Мне казалось (даже Мессинг может ошибаться), что Пилсудский вскоре пожелает встретиться со мной снова, но это «вскоре» растянулось почти на четырнадцать лет. Наша вторая и последняя встреча с маршалом Пилсудским произошла в ноябре 1934 года, вскоре после подписания договора о ненападении между Польшей и Германией[28]. Пилсудский не верил Гитлеру (этому негодяю никто не верил) и был очень обеспокоен будущим Польши. Пилсудский вызывал у меня уважение. Он уже был болен, он знал, что в будущем году умрет, но он беспокоился не о своих дочерях, про их будущее он меня не спросил, а о своей любимой Польше. Польша была его любимым детищем, ей он отдал всю свою жизнь. Судьба помотала его изрядно, прежде чем вознесла на самый верх. Он многое пережил.

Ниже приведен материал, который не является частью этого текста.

Lemma uniq_full (C : finType) (s : seq C) : uniq s -> size s = #|C| -> forall x, x \in s.
Proof.
move=> us hs x; apply/negPn/negP => hx.
have sub : {subset s <= predC1 x}.
  by move=> y hy; rewrite !inE; apply: contraNneq hx => <-.
have := subset_leq_card (introT subsetP sub).
rewrite cardC1 (card_uniqP us) hs.
have hC : 0 < #|C| by apply/card_gt0P; exists x.
by case: #|C| hs hC => [|n] //= _ _; rewrite ltnn.
Qed.

Section Focusing.
Variable t : nat.
Hypothesis IH : hales_jewett_nat t.
Variable C : finType.

Definition focused (N : nat) (c : seq nat -> C) (f : seq nat)
    (pcs : seq (seq (option nat) * C)) :=
  [/\ size f = N, word_below t.+1 f, uniq (map snd pcs) &
      forall pc, pc \in pcs ->
        [/\ size pc.1 = N, None \in pc.1, line_below t.+1 pc.1, subst_nat pc.1 t = f &
            forall a, a < t -> c (subst_nat pc.1 a) = pc.2]].

Definition focusing (k : nat) : Prop := exists N, forall c : seq nat -> C,
  (exists p, mono_line t.+1 c N p) \/
  (exists f pcs, focused N c f pcs /\ size pcs = k).

Lemma tuple_of_word (n : nat) (x : seq nat) : size x = n -> word_below t.+1 x ->
  exists xt : n.-tuple 'I_t.+1, map val xt = x.
Proof.
move=> hs hx; have sz : size (map (@inord t) x) == n by rewrite size_map hs.
exists (Tuple sz) => /=; rewrite -map_comp -[RHS]map_id; apply/eq_in_map => b hb /=.
by rewrite inordK //; apply: (allP hx).
Qed.

Lemma focused_mono N c f pcs pc : focused N c f pcs -> pc \in pcs -> c f = pc.2 ->
  mono_line t.+1 c N pc.1.
Proof.
move=> [_ _ _ H] hpc hf; have [q1 q2 q3 q4 q5] := H pc hpc.
have key a : a < t.+1 -> c (subst_nat pc.1 a) = pc.2.
  by rewrite ltnS leq_eqVlt => /orP [/eqP ->|/q5 //]; rewrite q4.
by split=> // a b ha hb; rewrite !key.
Qed.

Lemma focused_extend N c f pcs (L : seq (option nat)) :
  None \in L -> line_below t L ->
  (forall x a, size x = N -> word_below t.+1 x -> a < t ->
     c (x ++ subst_nat L a) = c (x ++ subst_nat L 0)) ->
  focused N (fun x => c (x ++ subst_nat L 0)) f pcs ->
  c (f ++ subst_nat L 0) \notin map snd pcs ->
  focused (N + size L) c (f ++ subst_nat L t)
    ((map Some f ++ L, c (f ++ subst_nat L 0)) :: [seq (pc.1 ++ L, pc.2) | pc <- pcs]).
Proof.
move=> L2 L3 K1 [f1 f2 f3 f4] hcol; split.
- by rewrite size_cat f1 size_map.
- by rewrite word_below_cat f2; apply: word_below_subst => //; apply: line_below_mono L3.
- by rewrite /= -map_comp /= hcol.
move=> pc; rewrite inE => /orP [/eqP -> /=|/mapP [pc0 hpc0 ->] /=].
  split.
  - by rewrite size_cat size_map f1.
  - by rewrite mem_cat L2 orbT.
  - by rewrite line_below_cat line_below_const f2; apply: line_below_mono L3.
  - by rewrite subst_nat_cat subst_nat_const.
  - by move=> a ha; rewrite subst_nat_cat subst_nat_const K1.
have [q1 q2 q3 q4 q5] := f4 pc0 hpc0; split.
- by rewrite size_cat q1.
- by rewrite mem_cat q2.
- by rewrite line_below_cat q3; apply: line_below_mono L3.
- by rewrite subst_nat_cat q4.
- move=> a ha; rewrite subst_nat_cat K1 ?size_map //; first exact: q5.
  by apply: word_below_subst => //; apply: ltnW.
Qed.

(* The line L is given by the induction hypothesis for the colouring of the
   words of the second block by the colourings they induce on the first one. *)
Lemma focusing_succ k : focusing k -> focusing k.+1.
Proof.
move=> [n Hn]; have [m Hm] := IH {ffun n.-tuple 'I_t.+1 -> C}.
exists (n + m) => c.
have [L [L1 L2 L3 L4]] := Hm (fun y => [ffun x : n.-tuple 'I_t.+1 => c (map val x ++ y)]).
have K1 x a : size x = n -> word_below t.+1 x -> a < t ->
    c (x ++ subst_nat L a) = c (x ++ subst_nat L 0).
  move=> hs hx ha; have [xt <-] := tuple_of_word hs hx.
  have := congr1 (fun F : {ffun _ -> C} => F xt) (L4 a 0 ha (leq_ltn_trans (leq0n _) ha)).
  by rewrite !ffunE.
have okL0 : word_below t.+1 (subst_nat L 0).
  exact: word_below_subst (line_below_mono (leqnSn t) L3) _.
pose c'' x := c (x ++ subst_nat L 0).
have sizeL0 : size (subst_nat L 0) = m by rewrite size_map.
case: (Hn c'') => [[p hp]|[f [pcs [hf hsize]]]].
  by left; exists (p ++ map Some (subst_nat L 0)); rewrite -sizeL0; apply: mono_line_append.
case: (boolP (c'' f \in map snd pcs)) => [/mapP [pc hpc hpc2]|hcol].
  left; exists (pc.1 ++ map Some (subst_nat L 0)); rewrite -sizeL0.
  by apply: mono_line_append => //; apply: (@focused_mono n c'' f pcs).
right; exists (f ++ subst_nat L t).
exists ((map Some f ++ L, c'' f) :: [seq (pc.1 ++ L, pc.2) | pc <- pcs]); split.
  by rewrite -L1; apply: focused_extend.
by rewrite /= size_map hsize.
Qed.

Lemma focusing_all k : focusing k.
Proof.
elim: k => [|k]; last exact: focusing_succ.
by exists 0 => c; right; exists [::], [::].
Qed.

(* With #|C| focused lines of distinct colours, the colour of the focus is
   one of them, which yields a monochromatic line. *)
Lemma mono_line_succ : exists N, forall c : seq nat -> C, exists p, mono_line t.+1 c N p.
Proof.
have [N HN] := focusing_all #|C|; exists N => c.
case: (HN c) => [//|[f [pcs [hf hsize]]]].
have [_ _ huniq _] := hf.
have /mapP [pc hpc hpc2] : c f \in map snd pcs by apply: uniq_full; rewrite ?size_map.
by exists pc.1; apply: focused_mono hf hpc hpc2.
Qed.

End Focusing.

Lemma hales_jewett_nat_all t : hales_jewett_nat t.
Proof.
elim: t => [|t IHt] C; last exact: mono_line_succ.
by exists 1 => c; exists [:: None].
Qed.

Theorem hales_jewett (A : finType) (a0 : A) (C : finType) : exists N, forall c : word A -> C,
  exists p : xword A, [/\ size p = N, None \in p & forall a b, c (subst_c p a) = c (subst_c p b)].
Proof.
have [N HN] := hales_jewett_nat_all #|A| C; exists N => c.
pose g i := nth a0 (enum A) i.
have [p' [p1 p2 _ p4]] := HN (fun w => c (map g w)).
exists (map (omap g) p'); split.
- by rewrite size_map.
- by apply/mapP; exists None.
have E a : subst_c (map (omap g) p') a = map g (subst_nat p' (index a (enum A))).
  rewrite /subst_c /subst_nat -!map_comp; apply: eq_map => -[b|] //=.
  by rewrite /g nth_index // mem_enum.
have hi a : index a (enum A) < #|A| by rewrite cardE index_mem mem_enum.
by move=> a b; rewrite !E; apply: p4.
Qed.

(* Prefixes: the words of a span of r_0, ..., r_{b-1} (including the empty
   word), for a substitution ev that is either subst_c or subst_x.  They form a
   finite set, enumerated by [prefixes]. *)
Section Prefixes.
Variables (A : finType) (L B : eqType) (ev : xword A -> L -> seq B).
Implicit Types (r : nat -> xword A).

Definition prefix_below r b (y : seq B) := exists ls : seq (nat * L),
  [/\ pairwise ltn (map fst ls), all (fun i => i < b) (map fst ls) &
      y = flatten [seq ev (r p.1) p.2 | p <- ls]].

Lemma prefix_below_split r b y : prefix_below r b.+1 y ->
  prefix_below r b y \/ exists y' l, prefix_below r b y' /\ y = y' ++ ev (r b) l.
Proof.
move=> [ls [h1 h2 ->]]; case/lastP: ls h1 h2 => [|ls q] h1 h2; first by left; exists [::].
rewrite map_rcons pairwise_rcons in h1; case/andP: h1 => hq h1.
rewrite map_rcons all_rcons in h2; case/andP: h2 => hqb h2.
rewrite -cats1 map_cat flatten_cat /= cats0.
have [hqb2|hqb2] := ltnP q.1 b.
  left; exists (rcons ls q); split.
  - by rewrite map_rcons pairwise_rcons hq h1.
  - by rewrite map_rcons all_rcons hqb2 /=; apply: sub_all hq => i hi; apply: ltn_trans hi hqb2.
  - by rewrite -cats1 map_cat flatten_cat /= cats0.
have eq : q.1 = b by apply/eqP; rewrite eqn_leq -ltnS hqb.
by right; exists (flatten [seq ev (r p.1) p.2 | p <- ls]), q.2; rewrite -eq; split=> //; exists ls.
Qed.

Variable letters : seq L.
Hypothesis letters_full : forall l, l \in letters.

Fixpoint prefixes r b : seq (seq B) :=
  if b is b'.+1 then prefixes r b' ++ [seq y ++ ev (r b') l | y <- prefixes r b', l <- letters]
  else [:: [::]].

Lemma prefixes_complete r b y : prefix_below r b y -> y \in prefixes r b.
Proof.
elim: b y => [|b IH] y; first by move=> [[|q ls] [h1 h2 ->]] //; rewrite mem_head.
move/prefix_below_split => [/IH h|[y' [l [/IH h ->]]]] /=; rewrite mem_cat ?h //.
by rewrite (allpairs_f (fun y l => y ++ ev (r b) l) h (letters_full l)) orbT.
Qed.

End Prefixes.

Notation cprefix := (prefix_below (@subst_c _)).

Definition truth (P : Prop) : bool := if excluded_middle_informative P then true else false.

Lemma truthP (P : Prop) : truth P <-> P.
Proof. by rewrite /truth; case: excluded_middle_informative. Qed.

Section Blocks.
Variable A : finType.
Implicit Types (r : nat -> xword A).

Definition block_word r b (q : word A) : word A := cword r (zip (iota b (size q)) q).

Definition block_choice b (p : xword A) : seq (nat * option A) := zip (iota b (size p)) p.

Definition trail r (tr : bool) e (a : A) : word A := if tr then subst_c (r e) a else [::].

Definition pattern_choice b (p : xword A) (tr : bool) : seq (nat * option A) :=
  block_choice b p ++ (if tr then [:: (b + size p, None)] else [::]).

Lemma block_choice_indices b p : map fst (block_choice b p) = iota b (size p).
Proof. by rewrite /block_choice -/(unzip1 _) unzip1_zip // size_iota. Qed.

Lemma block_choice_letters b p : map snd (block_choice b p) = p.
Proof. by rewrite /block_choice -/(unzip2 _) unzip2_zip // size_iota. Qed.

Lemma map_zip_snd (T1 T2 T3 : Type) (f : T2 -> T3) (I : seq T1) (p : seq T2) :
  [seq (q.1, f q.2) | q <- zip I p] = zip I (map f p).
Proof. by elim: I p => [|i I IH] [|x p] //=; rewrite IH. Qed.

Lemma subst_c_block r b p a :
  subst_c (vword r (block_choice b p)) a = block_word r b (subst_c p a).
Proof.
rewrite subst_c_vword /block_word /block_choice size_map.
by rewrite (map_zip_snd (fun o => subc o a)).
Qed.

Lemma subst_c_pattern r b p tr a : subst_c (vword r (pattern_choice b p tr)) a =
  block_word r b (subst_c p a) ++ trail r tr (b + size p) a.
Proof.
rewrite vword_cat subst_c_cat subst_c_block; congr (_ ++ _).
by case: tr => //=; rewrite /vword /= cats0 subst_x_None.
Qed.

Lemma pattern_choice_block b p tr : None \in p ->
  let ls := pattern_choice b p tr in
  [/\ ls != [::], pairwise ltn (map fst ls),
      all (fun i => b <= i < b + size p + tr) (map fst ls) & None \in map snd ls].
Proof.
move=> hp /=; have hsz : 0 < size p by case: p hp.
have -> : map fst (pattern_choice b p tr) =
    iota b (size p) ++ (if tr then [:: b + size p] else [::]).
  by rewrite map_cat block_choice_indices; case: tr.
split.
- by rewrite -size_eq0 size_cat /block_choice size_zip size_iota minnn -lt0n ltn_addr.
- rewrite pairwise_cat -sorted_pairwise ?iota_ltn_sorted; last exact: ltn_trans.
  apply/and3P; split=> //; last by case: (tr).
  apply/allrelP => i j; rewrite mem_iota => /andP [_ hi].
  by case: (tr); rewrite ?in_nil // mem_seq1 => /eqP ->.
- rewrite all_cat; apply/andP; split.
    by apply/allP => i; rewrite mem_iota => /andP [-> /ltn_addr ->].
  by case: (tr) => //=; rewrite leq_addr /= andbT addn1.
- by rewrite map_cat mem_cat block_choice_letters hp.
Qed.

Lemma block_extracted r (bs : nat -> nat) (R : nat -> seq (nat * option A)) :
  bs 0 = 0 -> (forall k, bs k < bs k.+1) ->
  (forall k, [/\ R k != [::], pairwise ltn (map fst (R k)),
    all (fun i => bs k <= i < bs k.+1) (map fst (R k)) & None \in map snd (R k)]) ->
  extracted (fun k => vword r (R k)) r.
Proof.
move=> h0 hbs HR l; exists bs; split=> // k _; have [h1 h2 h3 h4] := HR k.
apply/in_vspanE; exists (R k); split=> //; apply: sub_all h3 => i /andP [-> /=].
by case: (bs k.+1) => // n; rewrite ltnS.
Qed.

Lemma block_cspan_last r (bs : nat -> nat) (R : nat -> seq (nat * option A)) z :
  (forall k, bs k < bs k.+1) ->
  (forall k, pairwise ltn (map fst (R k)) /\ all (fun i => bs k <= i < bs k.+1) (map fst (R k))) ->
  in_cspan (fun k => vword r (R k)) 0 None z ->
  exists k y a, cprefix r (bs k) y /\ z = y ++ subst_c (vword r (R k)) a.
Proof.
move=> hbs HR /in_cspanE [ls [l1 l2 ->]].
case/lastP: ls l1 l2 => [//|ls0 [k a]] _; rewrite map_rcons pairwise_rcons => /andP [hk l2].
exists k, (cword (fun k => vword r (R k)) ls0), a; split; last by rewrite cword_rcons.
have [P1 P2] := @flatten_blocks (map fst ls0) (fun j => map fst (R j)) bs 0 k
  (fun j _ => hbs j) l2 hk (fun j _ => HR j).
exists (ccomp ls0 R); rewrite ccomp_indices; split=> //.
- by apply: sub_all P2 => i /andP [].
- by apply: cword_comp.
Qed.

Lemma prefix_block_vspan r b y (p : xword A) : cprefix r b y -> None \in p ->
  exists v, in_vspan r 0 (Some (b + size p).-1) v /\
    forall a, subst_c v a = y ++ block_word r b (subst_c p a).
Proof.
move=> [ls [h1 h2 ->]] hp; have hsz : 0 < size p by case: p hp.
have hle i : i < b + size p -> i <= (b + size p).-1 by case: (b + size p).
exists (vword r ([seq (q.1, Some q.2) | q <- ls] ++ block_choice b p)); split; last first.
  by move=> a; rewrite vword_cat subst_c_cat subst_c_vword_const subst_c_block.
apply/in_vspanE; eexists; split; last reflexivity.
- rewrite -size_eq0 size_cat /block_choice size_zip size_iota minnn -lt0n.
  exact: leq_trans hsz (leq_addl _ _).
- rewrite map_cat block_choice_indices -map_comp pairwise_cat; apply/and3P; split.
  + apply/allrelP => i j /mapP [q hq ->] /=; rewrite mem_iota => /andP [hbj _].
    by apply: leq_trans hbj; apply: (allP h2 q.1 (map_f _ hq)).
  + by rewrite (eq_map (g := fst)).
  + by rewrite -sorted_pairwise ?iota_ltn_sorted //; apply: ltn_trans.
- rewrite map_cat block_choice_indices all_cat; apply/andP; split.
  + rewrite -map_comp all_map; apply/allP => q hq /=; apply: hle.
    by apply: leq_trans (allP h2 q.1 (map_f _ hq)) (leq_addr _ _).
  + by apply/allP => i; rewrite mem_iota => /andP [_ /hle].
- by rewrite map_cat mem_cat block_choice_letters hp orbT.
Qed.
Lemma pair_JY_X (X Y : V) : pair (J Y) X = - pair (J X) Y.
Proof. by rewrite (orth_skew HC (ahc_orthJ Hhc) (ahc_J2 Hhc)) (pair_sym HC). Qed.

Lemma ij_coreDl (X X' Y : V) : ij_core (X + X') Y = ij_core X Y + ij_core X' Y.
Proof. by rewrite /ij_core; expand; zmod_eq. Qed.

Lemma ij_coreDr (X Y Y' : V) : ij_core X (Y + Y') = ij_core X Y + ij_core X Y'.
Proof. by rewrite /ij_core; expand; zmod_eq. Qed.

Lemma ij_coreZl (f : A) (X Y : V) : ij_core (f *: X) Y = f *: ij_core X Y.
Proof. by rewrite /ij_core; expand; zmod_eq. Qed.

(* Leibniz rule of ij_core in its second argument; the anomaly w, once hit
   by -1/2 K, becomes -Delta_f(X,Y). *)
Lemma ij_coreZr (f : A) (X Y : V) : ij_core X (f *: Y) = f *: ij_core X Y
  + (rho X f *: K Y + rho X f *: K Y)
  + (let w := pair (K X) Y *: D f - pair (I X) Y *: J (D f) + pair (J X) Y *: I (D f)
              - pair X Y *: K (D f) in w + w).
Proof.
rewrite /ij_core; expand.
rewrite !(IJ_K Hhc) !(JI_K Hhc) pair_JY_IX (pair_sym HC Y (I X)) pair_JY_X (pair_sym HC Y X).
by expand; zmod_eq.
Qed.

Lemma nabla_hypercomplex : hypercomplex_connection pair rho D I J K (nablaIJ dorf I J K).
Proof.
split=> [X X' Y|X Y Y'|f X Y|f X Y]; rewrite !nablaE.
- by rewrite ij_coreDl halfKD.
- by rewrite ij_coreDr halfKD.
- by rewrite ij_coreZl halfKZ.
- rewrite ij_coreZr /= halfKD halfKD halfKZ !halfK_double /hc_Delta.
  by expand; rewrite ?(ahc_K2 Hhc) ?(KJ_I Hhc) ?(KI_J Hhc); expand; zmod_eq.
Qed.

Lemma nijenhuis_cores (X Y : V) : nijenhuis dorf I J Y X = ij_core X Y + ji_core X Y.
Proof. by rewrite /nijenhuis /ij_core /ji_core; zmod_eq. Qed.

Lemma ij_core_J (X Y : V) : ij_core X (J Y) = - J (ij_core X Y).
Proof. by rewrite /ij_core; expand; rewrite ?(ahc_J2 Hhc); expand; zmod_eq. Qed.

Lemma ji_core_I (X Y : V) : ji_core X (I Y) = - I (ji_core X Y).
Proof. by rewrite /ji_core; expand; rewrite ?(ahc_I2 Hhc); expand; zmod_eq. Qed.

Lemma nabla_J (X Y : V) : nablaIJ dorf I J K X (J Y) = J (nablaIJ dorf I J K X Y).
Proof.
by rewrite !nablaE ij_core_J /halfK (endoN HK) (KJ_I Hhc) opprK (rscale_endo _ _ HJ) (JK_I Hhc).
Qed.

Hypothesis HN : forall X Y, nijenhuis dorf I J X Y = 0.

Lemma ij_core_ji (X Y : V) : ij_core X Y = - ji_core X Y.
Proof. by apply/eqP; rewrite -addr_eq0 -nijenhuis_cores HN. Qed.

Lemma nabla_I (X Y : V) : nablaIJ dorf I J K X (I Y) = I (nablaIJ dorf I J K X Y).
Proof.
rewrite !nablaE !ij_core_ji ji_core_I opprK /halfK (endoN HK) (KI_J Hhc).
by rewrite (rscale_endo _ _ HI) (endoN HI) (IK_J Hhc) opprK.
Qed.

Lemma nabla_K (X Y : V) : nablaIJ dorf I J K X (K Y) = K (nablaIJ dorf I J K X Y).
Proof. by rewrite -(IJ_K Hhc) nabla_I nabla_J (IJ_K Hhc). Qed.

(* Antisymmetrisation of ij_core, from N_{I,J}(X,Y) = 0 and
   x o y + y o x = 2 D<x,y>. *)
Lemma ij_core_skew (X Y : V) : ij_core X Y - ij_core Y X =
  let d1 := D (pair (J Y) (I X)) in let d2 := D (pair Y (I X)) in
  let d3 := D (pair (J Y) X) in let d4 := D (pair Y X) in
  (d1 + d1) - J (d2 + d2) - I (d3 + d3) - K (d4 + d4)
  + (K (dorf X Y) + K (dorf X Y)).
Proof.
have N0 := HN X Y; rewrite /nijenhuis in N0.
rewrite /= -[LHS]addr0 -N0 /ij_core (dorf_swap HC (J Y) (I X)) (dorf_swap HC Y (I X)).
rewrite (dorf_swap HC (J Y) X) (dorf_swap HC Y X).
by expand; rewrite ?(IJ_K Hhc) ?(JI_K Hhc); expand; zmod_eq.
Qed.

Lemma nabla_torsion (X Y : V) : torsion dorf (nablaIJ dorf I J K) X Y =
  I (D (pair X (I Y))) + J (D (pair X (J Y))) + K (D (pair X (K Y))).
Proof.
have half_bracket (z d : V) : rscale (2^-1) (z - (d + d - z)) = z - d.
  rewrite (_ : z - (d + d - z) = (z + z) - (d + d)); last by zmod_eq.
  by rewrite rscaleD rscaleN !rscale_half_double.
rewrite /torsion !nablaE /courant_bracket (dorf_swap HC Y X) half_bracket.
rewrite -halfKN -halfKD ij_core_skew /= halfKD halfKD halfKD halfKD !halfKN !halfK_double.
rewrite halfK_Jdouble halfK_Idouble halfK_Kdouble (ahc_K2 Hhc) opprK.
rewrite pair_JY_IX (pair_sym HC Y (I X)) (pair_sym HC (J Y) X) (pair_sym HC Y X).
rewrite (orth_skew HC (ahc_orthK Hhc) (ahc_K2 Hhc)).
rewrite (orth_skew HC (ahc_orthI Hhc) (ahc_I2 Hhc)).
by rewrite !(DN HC); expand; zmod_eq.
Qed.

End Connection.

Theorem mainTheorem5 (R : realFieldType) (A : comAlgType R) (V : lmodType A)
  (pair : V -> V -> A) (rho : V -> A -> A) (dorf : V -> V -> V) (D : A -> V)
  (I J K : V -> V)
  (HC : courant_algebroid pair rho dorf D)
  (Hhc : almost_hypercomplex pair I J K)
  (HN : forall X Y, nijenhuis dorf I J X Y = 0) :
  let nabla := nablaIJ dorf I J K in
  [/\ hypercomplex_connection pair rho D I J K nabla,
      (forall X Y, cov_deriv nabla I X Y = 0),
      (forall X Y, cov_deriv nabla J X Y = 0),
      (forall X Y, cov_deriv nabla K X Y = 0) &
      (forall X Y, torsion dorf nabla X Y =
          I (D (pair X (I Y))) + J (D (pair X (J Y))) + K (D (pair X (K Y))))].
Proof.
move=> nabla; split.
- exact: nabla_hypercomplex HC Hhc.
- by move=> X Y; rewrite /cov_deriv /nabla (nabla_I HC Hhc HN) subrr.
- by move=> X Y; rewrite /cov_deriv /nabla (nabla_J HC Hhc) subrr.
- by move=> X Y; rewrite /cov_deriv /nabla (nabla_K HC Hhc HN) subrr.
- by move=> X Y; rewrite /nabla (nabla_torsion HC Hhc HN).
Qed.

Его жизнь не была похожа на спокойную жизнь обычных аристократов.
«Что будет с Польшей?» – спросил Пилсудский. Я не смог тогда ответить на этот вопрос. Картина будущего открылась мне тремя годами позже, а пока что, сколько я ни силился прозреть будущее, у меня ничего не получалось. Но при этом я видел себя на востоке, в Советском Союзе. Косвенно это давало какие-то ответы, но к судьбе Польши они не имели никакого отношения. «Не знаю, – ответил я. – Не могу увидеть». На том наш разговор закончился. Других вопросов Пилсудский мне не задавал.
Мне скоро исполнится семьдесят пять лет. Три четверти века, как говорит один из моих друзей, прекрасный цирковой артист. Он все считает на четверти. Я бы мог слукавить, чтобы поддержать свою репутацию. Мог бы написать, что предсказал Пилсудскому все, вплоть до того, кто победит во Второй мировой войне. Мог бы написать и больше из того, что вижу сейчас. Но я взялся за перо, то есть за шариковую ручку, только для того, чтобы написать правду о себе. Правду! Если я начну лукавить, мои труды (а вся эта писанина дается мне очень трудно) потеряют свой смысл. Поэтому я пишу правду. Всегда. Даже в тех случаях, когда она идет во вред моей репутации.
Больше мы с Пилсудским не встречались. О его кончине я узнал во Франции, в Марселе. Если бы смог, то непременно проводил бы его в последний путь. Ко всему, что связано со смертью, я отношусь с огромным почтением. Тайна жизни и смерти – величайшая из тайн человечества. Когда умирает кто-то из знакомых мне уважаемых мною людей, я стараюсь присутствовать на похоронах. Своим присутствием я отдаю последний долг умершему. Это очень важно для меня. Но в то же время я не люблю делать культа из всего, что связано со смертью. У живых свой мир, у мертвых свой. Нельзя одновременно жить в двух мирах. Как бы ни был близок и любим человек, не стоит умирать с ним «за компанию». Каждому свой срок. У каждого свой путь[29].